(* Coefficients are read off as Taylor coefficients at the origin. *)
Lemma pcoef_eq0_of_peval_eq0 L :
  (forall u v, peval L u v = C0) -> forall d e, pcoef L d e = C0.
Proof.
  intros H d; revert L H; induction d as [|d IHd]; intros L H e.
  - revert L H; induction e as [|e IHe]; intros L H.
    + rewrite <- peval_0_0; apply H.
    + apply (Cmul_CR_eq0 (INR (S e))); [apply not_0_INR; lia|].
      rewrite <- pcoef_pderiv_v; apply IHe, peval_pderiv_v_eq0, H.
  - apply (Cmul_CR_eq0 (INR (S d))); [apply not_0_INR; lia|].
    rewrite <- pcoef_pderiv_u; apply IHd, peval_pderiv_u_eq0, H.
Qed.

Lemma pcoef_eq0_of_pderiv_eq0 L d e :
  (forall u v, peval (pderiv_u L) u v = C0) -> (forall u v, peval (pderiv_v L) u v = C0) ->
  (0 < d + e)%nat -> pcoef L d e = C0.
Proof.
  intros Hu Hv Hde; destruct d as [|d]; [destruct e as [|e]; [lia|]|].
  - apply (Cmul_CR_eq0 (INR (S e))); [apply not_0_INR; lia|].
    rewrite <- pcoef_pderiv_v; apply pcoef_eq0_of_peval_eq0, Hv.
  - apply (Cmul_CR_eq0 (INR (S d))); [apply not_0_INR; lia|].
    rewrite <- pcoef_pderiv_u; apply pcoef_eq0_of_peval_eq0, Hu.
Qed.

Definition pone : poly := Mono (CR 1) 0 0 :: nil.

(* With [u = al eta - be x] and [v = ga xi - de y], [al D_y - be M_x] maps
   [p(u, v) e^{i(x xi + y eta)}] to [(u p + i al de dp/dv) e^{i(x xi + y eta)}], and
   symmetrically for [ga D_x - de M_y] (see [Pop_wave_poly]). *)
Definition Pop_poly (al de : R) (L : poly) : poly := pmul_u L ++ pscale (0, al * de) (pderiv_v L).
Definition Qop_poly (be ga : R) (L : poly) : poly := pmul_v L ++ pscale (0, be * ga) (pderiv_u L).

Definition twisted_poly (al be ga de : R) (a : nat -> nat -> Cx) (m : nat) : poly :=
  psum (S m) (fun j => psum (S (m - j)) (fun k =>
    pscale (Cmul (CR ((-1) ^ (j + k))) (a k j))
      (Nat.iter j (Pop_poly al de) (Nat.iter k (Qop_poly be ga) pone)))).

Definition top_monomial (L : poly) (j k : nat) : Prop :=
  (forall d e, (j + k < d + e)%nat -> pcoef L d e = C0) /\
  (forall d e, (d + e = j + k)%nat -> pcoef L d e = if (d =? j) && (e =? k) then CR 1 else C0).

Lemma top_monomial_pone : top_monomial pone 0 0.
Proof. split; intros [|d] [|e] H; simpl; try lia; Cx_ring. Qed.

Lemma top_monomial_Pop_poly al de L j k :
  top_monomial L j k -> top_monomial (Pop_poly al de L) (S j) k.
Proof.
  intros [H1 H2]; unfold Pop_poly; split; intros d e H;
    rewrite pcoef_app, pcoef_pscale, pcoef_pmul_u, pcoef_pderiv_v, (H1 d (S e)) by lia;
    destruct d as [|d]; simpl; try Cx_ring.
  - rewrite H1 by lia; Cx_ring.
  - rewrite H2 by lia; destruct (_ && _); Cx_ring.
Qed.

Lemma top_monomial_Qop_poly be ga L j k :
  top_monomial L j k -> top_monomial (Qop_poly be ga L) j (S k).
Proof.
  intros [H1 H2]; unfold Qop_poly; split; intros d e H;
    rewrite pcoef_app, pcoef_pscale, pcoef_pmul_v, pcoef_pderiv_u, (H1 (S d) e) by lia;
    destruct e as [|e]; simpl; rewrite ?andb_false_r; try Cx_ring.
  - rewrite H1 by lia; Cx_ring.
  - rewrite H2 by lia; destruct (_ && _); Cx_ring.
Qed.

Lemma top_monomial_iter al be ga de j k :
  top_monomial (Nat.iter j (Pop_poly al de) (Nat.iter k (Qop_poly be ga) pone)) j k.
Proof.
  induction j as [|j IHj]; simpl.
  - induction k as [|k IHk]; simpl; [apply top_monomial_pone | now apply top_monomial_Qop_poly].
  - now apply top_monomial_Pop_poly.
Qed.

Lemma pcoef_twisted_poly_top al be ga de a m j0 :
  (j0 <= m)%nat ->
  pcoef (twisted_poly al be ga de a m) j0 (m - j0) = Cmul (CR ((-1) ^ m)) (a (m - j0)%nat j0).
Proof.
  intros Hj0; unfold twisted_poly.
  assert (Htop : forall j k, (j + k <= m)%nat ->
    pcoef (Nat.iter j (Pop_poly al de) (Nat.iter k (Qop_poly be ga) pone)) j0 (m - j0) =
    if (j0 =? j) && (m - j0 =? k) then CR 1 else C0).
  { intros j k Hjk; destruct (top_monomial_iter al be ga de j k) as [Hlow Htop].
    destruct (Nat.eq_dec (j + k) m).
    - apply Htop; lia.
    - rewrite Hlow by lia.
      destruct (Nat.eqb_spec j0 j), (Nat.eqb_spec (m - j0) k); simpl; auto; lia. }
  rewrite pcoef_psum, (sumC_single _ _ j0); [| lia |].
  - rewrite pcoef_psum, (sumC_single _ _ (m - j0)); [| lia |].
    + rewrite pcoef_pscale, Htop, !Nat.eqb_refl by lia.
      replace (j0 + (m - j0))%nat with m by lia; Cx_ring.
    + intros k Hk Hne; rewrite pcoef_pscale, Htop by lia.
      destruct (Nat.eqb_spec (m - j0) k); [lia | rewrite andb_false_r; Cx_ring].
  - intros j Hj Hne; rewrite pcoef_psum; apply sumC_eq0; intros k Hk.
    rewrite pcoef_pscale, Htop by lia.
    destruct (Nat.eqb_spec j0 j); [lia | Cx_ring].
Qed.

Definition wave (xi eta : R) : Fn :=
  fun x y => (cos (x * xi + y * eta), sin (x * xi + y * eta)).
Definition scaled_wave (K : Cx) (xi eta : R) : Fn := fun x y => Cmul K (wave xi eta x y).

Lemma wave_unit xi eta x y : fst (wave xi eta x y) ^ 2 + snd (wave xi eta x y) ^ 2 = 1.
Proof. simpl; pose proof (sin2_cos2 (x * xi + y * eta)) as H; unfold Rsqr in H; lra. Qed.

Lemma wave_scaled xi eta : wave xi eta = scaled_wave (CR 1) xi eta.
Proof. extensionality x; extensionality y; unfold scaled_wave; Cx_ring. Qed.

Lemma is_cderiv_wave_x xi eta y t :
  is_cderiv (fun s => wave xi eta s y) t (Cmul (0, xi) (wave xi eta t y)).
Proof.
  apply (is_cderiv_cis (fun s => s * xi + y * eta)).
  eapply derivable_pt_lim_val.
  - apply derivable_pt_lim_plus; [|apply derivable_pt_lim_const].
    apply (derivable_pt_lim_mult (fun s => s) (fun _ => xi));
      [apply derivable_pt_lim_id | apply derivable_pt_lim_const].
  - cbv beta; ring.
Qed.

Lemma is_cderiv_wave_y xi eta x t :
  is_cderiv (fun s => wave xi eta x s) t (Cmul (0, eta) (wave xi eta x t)).
Proof.
  apply (is_cderiv_cis (fun s => x * xi + s * eta)).
  eapply derivable_pt_lim_val.
  - apply derivable_pt_lim_plus; [apply derivable_pt_lim_const|].
    apply (derivable_pt_lim_mult (fun s => s) (fun _ => eta));
      [apply derivable_pt_lim_id | apply derivable_pt_lim_const].
  - cbv beta; ring.
Qed.

Lemma pdx_scaled_wave K xi eta :
  pdx (scaled_wave K xi eta) = scaled_wave (Cmul (0, xi) K) xi eta.
Proof.
  extensionality x; extensionality y; unfold pdx, scaled_wave.
  rewrite (is_cderiv_cderiv _ _ _ (is_cderiv_scale K _ _ _ (is_cderiv_wave_x xi eta y x))).
  Cx_ring.
Qed.

Lemma pdy_scaled_wave K xi eta :
  pdy (scaled_wave K xi eta) = scaled_wave (Cmul (0, eta) K) xi eta.
Proof.
  extensionality x; extensionality y; unfold pdy, scaled_wave.
  rewrite (is_cderiv_cderiv _ _ _ (is_cderiv_scale K _ _ _ (is_cderiv_wave_y xi eta x y))).
  Cx_ring.
Qed.

Lemma smooth_wave xi eta : smooth (wave xi eta).
Proof.
  assert (H : forall w, exists K, iter_pd w (wave xi eta) = scaled_wave K xi eta).
  { induction w as [|[|] w [K IH]]; simpl; rewrite ?IH.
    - exists (CR 1); apply wave_scaled.
    - exists (Cmul (0, xi) K); apply pdx_scaled_wave.
    - exists (Cmul (0, eta) K); apply pdy_scaled_wave. }
  intros w x y; destruct (H w) as [K ->]; unfold scaled_wave; split.
  - exact (is_cderiv_cderivable _ _ _ (is_cderiv_scale K _ _ _ (is_cderiv_wave_x xi eta y x))).
  - exact (is_cderiv_cderivable _ _ _ (is_cderiv_scale K _ _ _ (is_cderiv_wave_y xi eta x y))).
Qed.

Lemma Dx_iter_scaled_wave r K xi eta :
  Nat.iter r Dx (scaled_wave K xi eta) = scaled_wave (Cmul (CR (xi ^ r)) K) xi eta.
Proof.
  induction r as [|r IH]; simpl.
  - f_equal; Cx_ring.
  - rewrite IH; unfold Dx; rewrite pdx_scaled_wave.
    extensionality x; extensionality y; unfold scaled_wave; Cx_ring.
Qed.

Lemma Dy_iter_scaled_wave r K xi eta :
  Nat.iter r Dy (scaled_wave K xi eta) = scaled_wave (Cmul (CR (eta ^ r)) K) xi eta.
Proof.
  induction r as [|r IH]; simpl.
  - f_equal; Cx_ring.
  - rewrite IH; unfold Dy; rewrite pdy_scaled_wave.
    extensionality x; extensionality y; unfold scaled_wave; Cx_ring.
Qed.

Lemma polyop_wave N c xi eta x y :
  polyop N c (wave xi eta) x y = Cmul (symbol N c x y xi eta) (wave xi eta x y).
Proof.
  unfold polyop, symbol, sum4.
  do 4 (rewrite <- sumC_Cmul_r; apply sumC_ext; intros ? _).
  rewrite (wave_scaled xi eta) at 1.
  rewrite Dy_iter_scaled_wave, Dx_iter_scaled_wave; unfold scaled_wave; Cx_ring.
Qed.

Definition wave_poly (al be ga de xi eta : R) (L : poly) : Fn :=
  fun x y => Cmul (peval L (al * eta - be * x) (ga * xi - de * y)) (wave xi eta x y).

Lemma Pop_wave_poly al be ga de xi eta L :
  Pop al be (wave_poly al be ga de xi eta L) = wave_poly al be ga de xi eta (Pop_poly al de L).
Proof.
  extensionality x; extensionality y; unfold Pop, Dy, Mx, pdy, wave_poly.
  rewrite (is_cderiv_cderiv _ _ _ (is_cderiv_mul _ _ _ _ _
    (is_cderiv_peval_v L (fun t => ga * xi - de * t) (al * eta - be * x) y _
       (derivable_pt_lim_affine _ _ _))
    (is_cderiv_wave_y xi eta x y))).
  unfold Pop_poly; rewrite peval_app, peval_pscale, peval_pmul_u; Cx_ring.
Qed.

Lemma Qop_wave_poly al be ga de xi eta L :
  Qop ga de (wave_poly al be ga de xi eta L) = wave_poly al be ga de xi eta (Qop_poly be ga L).
Proof.
  extensionality x; extensionality y; unfold Qop, Dx, My, pdx, wave_poly.
  rewrite (is_cderiv_cderiv _ _ _ (is_cderiv_mul _ _ _ _ _
    (is_cderiv_peval_u L (fun t => al * eta - be * t) (ga * xi - de * y) x _
       (derivable_pt_lim_affine _ _ _))
    (is_cderiv_wave_x xi eta y x))).
  unfold Qop_poly; rewrite peval_app, peval_pscale, peval_pmul_v; Cx_ring.
Qed.

Lemma twisted_wave al be ga de a m xi eta x y :
  twisted al be ga de a m (wave xi eta) x y =
  Cmul (peval (twisted_poly al be ga de a m) (al * eta - be * x) (ga * xi - de * y))
       (wave xi eta x y).
Proof.
  unfold twisted, twisted_poly.
  rewrite peval_psum, <- sumC_Cmul_r; apply sumC_ext; intros j _.
  rewrite peval_psum, <- sumC_Cmul_r; apply sumC_ext; intros k _.
  replace (wave xi eta) with (wave_poly al be ga de xi eta pone) at 1
    by (extensionality x'; extensionality y'; unfold wave_poly, pone; simpl; Cx_ring).
  rewrite <- (Nat.iter_swap_gen _ _ _ _ _ (fun L => eq_sym (Qop_wave_poly al be ga de xi eta L))).
  rewrite <- (Nat.iter_swap_gen _ _ _ _ _ (fun L => eq_sym (Pop_wave_poly al be ga de xi eta L))).
  unfold wave_poly; rewrite peval_pscale; Cx_ring.
Qed.

Definition twist_symbol (L : poly) (al be ga de : R) : Sym :=
  fun x y xi eta => peval L (al * eta - be * x) (ga * xi - de * y).

Lemma symbol_twisted al be ga de a m N c :
  (forall f : Fn, smooth f -> forall x y, twisted al be ga de a m f x y = polyop N c f x y) ->
  symbol N c = twist_symbol (twisted_poly al be ga de a m) al be ga de.
Proof.
  intros Hop; extensionality x; extensionality y; extensionality xi; extensionality eta.
  apply (Cmul_unit_cancel _ _ (wave xi eta x y)); [apply wave_unit|].
  rewrite <- polyop_wave; unfold twist_symbol; rewrite <- twisted_wave.
  symmetry; apply Hop, smooth_wave.
Qed.

Lemma exists_far_point al be ga de u v B :
  be <> 0 -> de <> 0 ->
  exists x y xi eta, nrm4 x y xi eta > B /\ al * eta - be * x = u /\ ga * xi - de * y = v.
Proof.
  intros Hb Hd.
  set (t := Rabs B + 1); assert (Ht : 0 <= B < t \/ B < 0 <= t).
  { unfold t; pose proof (Rle_abs B); pose proof (Rabs_pos B); lra. }
  exists ((al * t - u) / be), (- v / de), 0, t; repeat split; [|field; auto..].
  unfold nrm4; replace (0 ^ 2 + t ^ 2) with (t ^ 2) by ring.
  rewrite sqrt_pow2 by lra.
  pose proof (sqrt_pos (((al * t - u) / be) ^ 2 + (- v / de) ^ 2)); lra.
Qed.

Lemma ratio_vanishing_at_infinity al be ga de (G H : R -> R -> Cx) :
  be <> 0 -> de <> 0 -> (forall u v, H u v <> C0) ->
  (forall eps, eps > 0 -> exists R1, forall x y xi eta, nrm4 x y xi eta > R1 ->
     Cnorm (Cdiv (G (al * eta - be * x) (ga * xi - de * y))
                 (H (al * eta - be * x) (ga * xi - de * y))) < eps) ->
  forall u v, G u v = C0.
Proof.
  intros Hb Hd HH Hlim u v; apply NNPP; intros HG.
  destruct (Hlim _ (Cnorm_pos _ (Cdiv_neq0 _ _ HG (HH u v)))) as [R1 HR1].
  destruct (exists_far_point al be ga de u v R1 Hb Hd) as (x & y & xi & eta & Hfar & Hu & Hv).
  specialize (HR1 x y xi eta Hfar); rewrite Hu, Hv in HR1; lra.
Qed.

Lemma pd1_twist_symbol L al be ga de x y xi eta :
  pd1 (twist_symbol L al be ga de) x y xi eta =
  Cmul (CR (- be)) (peval (pderiv_u L) (al * eta - be * x) (ga * xi - de * y)).
Proof.
  apply is_cderiv_cderiv.
  apply (is_cderiv_peval_u L (fun t => al * eta - be * t)), derivable_pt_lim_affine.
Qed.

Lemma pd2_twist_symbol L al be ga de x y xi eta :
  pd2 (twist_symbol L al be ga de) x y xi eta =
  Cmul (CR (- de)) (peval (pderiv_v L) (al * eta - be * x) (ga * xi - de * y)).
Proof.
  apply is_cderiv_cderiv.
  apply (is_cderiv_peval_v L (fun t => ga * xi - de * t)), derivable_pt_lim_affine.
Qed.

Lemma glob_hypoell_twist_symbol_const L al be ga de d e :
  be <> 0 -> de <> 0 -> glob_hypoell (twist_symbol L al be ga de) ->
  (0 < d + e)%nat -> pcoef L d e = C0.
Proof.
  intros Hb Hd [[R0 HR0] Hlim] Hde.
  assert (HL : forall u v, peval L u v <> C0).
  { intros u v.
    destruct (exists_far_point al be ga de u v R0 Hb Hd) as (x & y & xi & eta & Hfar & Hu & Hv).
    rewrite <- Hu, <- Hv; exact (HR0 x y xi eta Hfar). }
  apply pcoef_eq0_of_pderiv_eq0; [intros u v | intros u v | exact Hde].
  - apply (Cmul_CR_eq0 (- be)); [lra|].
    apply (ratio_vanishing_at_infinity al be ga de
             (fun u v => Cmul (CR (- be)) (peval (pderiv_u L) u v)) _ Hb Hd HL).
    intros eps Heps; destruct (Hlim pd1 ltac:(simpl; auto) eps Heps) as [R1 HR1].
    exists R1; intros x y xi eta Hfar; rewrite <- pd1_twist_symbol; exact (HR1 x y xi eta Hfar).
  - apply (Cmul_CR_eq0 (- de)); [lra|].
    apply (ratio_vanishing_at_infinity al be ga de
             (fun u v => Cmul (CR (- de)) (peval (pderiv_v L) u v)) _ Hb Hd HL).
    intros eps Heps; destruct (Hlim pd2 ltac:(simpl; auto) eps Heps) as [R1 HR1].
    exists R1; intros x y xi eta Hfar; rewrite <- pd2_twist_symbol; exact (HR1 x y xi eta Hfar).
Qed.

#####

# Work required
Look above for the line with "apply (derivable_pt_lim_mult (fun s => s) (fun _ => eta));" and the line with "pdx (scaled_wave K". Retype those two lines and every line between them exactly, adding nothing.

# Output for this exercise
    apply (derivable_pt_lim_mult (fun s => s) (fun _ => eta));
      [apply derivable_pt_lim_id | apply derivable_pt_lim_const].
  - cbv beta; ring.
Qed.

Lemma pdx_scaled_wave K xi eta :
  pdx (scaled_wave K xi eta) = scaled_wave (Cmul (0, xi) K) xi eta.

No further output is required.